Problem details: Copy out each line of the listing below that contains the word "unitmxE".

═══

(** Every linear functional c on the algebra gives the skew form
    B_c(u, v) = c([u, v]); when all brackets lie in span(y1, y2), B_c is
    c(y1) D1 + c(y2) D2, a member of the pencil spanned by the two structure
    forms D1, D2 (here [bform s c], [struct_mx s y1], [struct_mx s y2] and
    [pencil s a b]).  An isomorphism A turns B_(Ac) into the congruent form
    A B_c A^T, so the rank behaviour of the pencil is an isomorphism invariant.
    Explicit triangular minors give lower bounds on the ranks.  N1 has a
    member of rank 2 and the other algebras do not; N2, N3, N4 have a member
    of rank 4 while all nonzero members of N5 have rank 6; in N2 the
    functionals of form rank at most 4 span the dual space, whereas in N3 and
    N4 they all vanish on y1; finally, the radical of the rank-4 member is
    isotropic for the whole pencil in N4 but not in N3. *)
From mathcomp Require Import all_boot all_order all_algebra ring complex Rstruct.
Set Implicit Arguments. Unset Strict Implicit. Unset Printing Implicit Defensive.
Import Order.TTheory GRing.Theory Num.Theory.
Local Open Scope ring_scope.

Lemma mxrank_trig_minor (F : fieldType) m n r (f : 'I_r -> 'I_m) (h : 'I_r -> 'I_n)
    (M : 'M[F]_(m, n)) :
    (forall i j : 'I_r, (i < j)%N -> M (f i) (h j) = 0) ->
    \prod_(i < r) M (f i) (h i) != 0 ->
  (r <= \rank M)%N.
Proof.
move=> trig_fhM diag_neq0.
have sub_le : (\rank (mxsub f h M) <= \rank M)%N.
  have -> : mxsub f h M = rowsub f 1%:M *m M *m colsub h 1%:M.
    by rewrite mul_rowsub_mx mul1mx mulmx_colsub mulmx1 mxsubcr.
  exact: leq_trans (mxrankM_maxl _ _) (mxrankM_maxr _ _).
have trig : is_trig_mx (mxsub f h M) by apply/is_trig_mxP => i j /trig_fhM; rewrite mxE.
apply: leq_trans sub_le; rewrite mxrank_unit // unitmxE (det_trig trig) unitfE.
by under eq_bigr do rewrite mxE.
Qed.

Lemma sqr_eq_expf_neq0 (F : idomainType) (x y : F) k :
  x ^+ 2 = y ^+ k -> y != 0 -> x != 0.
Proof.
move=> sqr_x; apply: contraNneq => x0.
by move: sqr_x; rewrite x0 expr0n /= => /esym/eqP; rewrite expf_eq0 => /andP[].
Qed.

Lemma unitmx_row_neq0 (F : fieldType) n (P : 'M[F]_n) i :
  P \in unitmx -> exists j, P i j != 0.
Proof.
move=> unitP; apply/existsP; apply: contraLR unitP; rewrite negb_exists => /forallP P_i0.
rewrite unitmxE unitfE negbK (expand_det_row _ i) big1 // => j _.
by move/negbNE/eqP: (P_i0 j) => ->; rewrite mul0r.
Qed.

Lemma mxrank_congr_unitmx (F : fieldType) n (A M : 'M[F]_n) :
  A \in unitmx -> \rank (A *m M *m A^T) = \rank M.
Proof.
move=> unitA; rewrite mxrankMfree ?row_free_unit ?unitmx_tr //.
by rewrite -mxrank_tr trmx_mul mxrankMfree ?row_free_unit ?unitmx_tr // mxrank_tr.
Qed.

(* Basis indices are 1-based, as in [table]. *)
Definition ecol (a : nat) : 'cV[C]_9 := \col_(i < 9) (a == i.+1)%:R.
Definition xcoord (u : 'rV[C]_9) (a : nat) : C := (u *m ecol a) 0 0.
Definition wedge (a b : nat) : 'M[C]_9 :=
  \matrix_(i, j) ((a == i.+1)%:R * (b == j.+1)%:R - (b == i.+1)%:R * (a == j.+1)%:R).
Definition struct_mx (s : table) (k : nat) : 'M[C]_9 :=
  \sum_(t <- s | t.2 == k) wedge t.1.1 t.1.2.
Definition pencil (s : table) (a b : C) : 'M[C]_9 :=
  a *: struct_mx s y1 + b *: struct_mx s y2.
Definition bform (s : table) (c : 'cV[C]_9) : 'M[C]_9 :=
  \matrix_(i, j) (bbr s i j *m c) 0 0.
Definition brackets_in_y (s : table) : bool := all (fun t => (t.2 == y1) || (t.2 == y2)) s.

(* The index in 'I_9 of the basis vector e_k, k = 1..9. *)
Notation "''x' k" := (@Ordinal 9 k.-1 isT) (at level 0, k at level 0).

Definition iy1 : 'I_9 := 'x y1.
Definition iy2 : 'I_9 := 'x y2.

Lemma wedgeE a b i j :
  wedge a b i j = (a == i.+1)%:R * (b == j.+1)%:R - (b == i.+1)%:R * (a == j.+1)%:R.
Proof. exact: mxE. Qed.

Lemma wedge_dyadE a b : wedge a b = ecol a *m (ecol b)^T - ecol b *m (ecol a)^T.
Proof. by apply/matrixP => i j; rewrite !mxE !big_ord1 !mxE. Qed.

Lemma mxrank_wedge a b : (\rank (wedge a b) <= 2)%N.
Proof.
have rank_dyad x y : (\rank (ecol x *m (ecol y)^T) <= 1)%N.
  exact: leq_trans (mxrankM_maxl _ _) (rank_leq_col _).
rewrite wedge_dyadE; apply: leq_trans (mxrank_add _ _) _; rewrite -scaleN1r.
exact: leq_add (rank_dyad _ _) (leq_trans (mxrank_scale _ _) (rank_dyad _ _)).
Qed.

Lemma row_wedgeE (u : 'rV[C]_9) a b j :
  (u *m wedge a b) 0 j = xcoord u a * (b == j.+1)%:R - xcoord u b * (a == j.+1)%:R.
Proof.
rewrite wedge_dyadE mulmxBr !mulmxA (mx11_scalar (u *m ecol a)) (mx11_scalar (u *m ecol b)).
by rewrite !mul_scalar_mx -/(xcoord u a) -/(xcoord u b) !mxE.
Qed.

Lemma wedge_formE (u v : 'rV[C]_9) a b :
  (u *m wedge a b *m v^T) 0 0 = xcoord u a * xcoord v b - xcoord u b * xcoord v a.
Proof.
rewrite wedge_dyadE mulmxBr mulmxBl !mulmxA.
rewrite (mx11_scalar (u *m ecol a)) (mx11_scalar (u *m ecol b)).
by rewrite !mul_scalar_mx -!scalemxAl -!trmx_mul /xcoord !mxE.
Qed.

Lemma xcoord_delta (k : 'I_9) a : xcoord (delta_mx 0 k) a = (a == k.+1)%:R.
Proof. by rewrite /xcoord -rowE !mxE. Qed.

Lemma struct_mxE s k i j :
  struct_mx s k i j = \sum_(t <- [seq t <- s | t.2 == k]) wedge t.1.1 t.1.2 i j.
Proof. by rewrite summxE big_filter. Qed.

Lemma row_struct_mxE (u : 'rV[C]_9) s k j : (u *m struct_mx s k) 0 j =
  \sum_(t <- [seq t <- s | t.2 == k])
     (xcoord u t.1.1 * (t.1.2 == j.+1)%:R - xcoord u t.1.2 * (t.1.1 == j.+1)%:R).
Proof.
rewrite mulmx_sumr summxE big_filter.
by apply: eq_bigr => t _; rewrite row_wedgeE.
Qed.

Lemma struct_formE (u v : 'rV[C]_9) s k : (u *m struct_mx s k *m v^T) 0 0 =
  \sum_(t <- [seq t <- s | t.2 == k])
     (xcoord u t.1.1 * xcoord v t.1.2 - xcoord u t.1.2 * xcoord v t.1.1).
Proof.
rewrite mulmx_sumr mulmx_suml summxE big_filter.
by apply: eq_bigr => t _; rewrite wedge_formE.
Qed.

Lemma mxrank_struct_mx s k :
  (\rank (struct_mx s k) <= 2 * count (fun t => t.2 == k) s)%N.
Proof.
rewrite /struct_mx; elim: s => [|t s IH]; first by rewrite big_nil mxrank0.
rewrite big_cons /=; case: (t.2 == k) => //=.
rewrite mulnDr muln1; exact: leq_trans (mxrank_add _ _) (leq_add (mxrank_wedge _ _) IH).
Qed.

Lemma pencilE s a b i j :
  pencil s a b i j = a * struct_mx s y1 i j + b * struct_mx s y2 i j.
Proof. by rewrite !mxE. Qed.

Lemma mxrank_pencil_y1_le s a :
  (\rank (pencil s a 0%R) <= 2 * count (fun t => t.2 == y1) s)%N.
Proof.
rewrite /pencil scale0r addr0; exact: leq_trans (mxrank_scale _ _) (mxrank_struct_mx _ _).
Qed.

═══

Your solution:
apply: leq_trans sub_le; rewrite mxrank_unit // unitmxE (det_trig trig) unitfE.
rewrite unitmxE unitfE negbK (expand_det_row _ i) big1 // => j _.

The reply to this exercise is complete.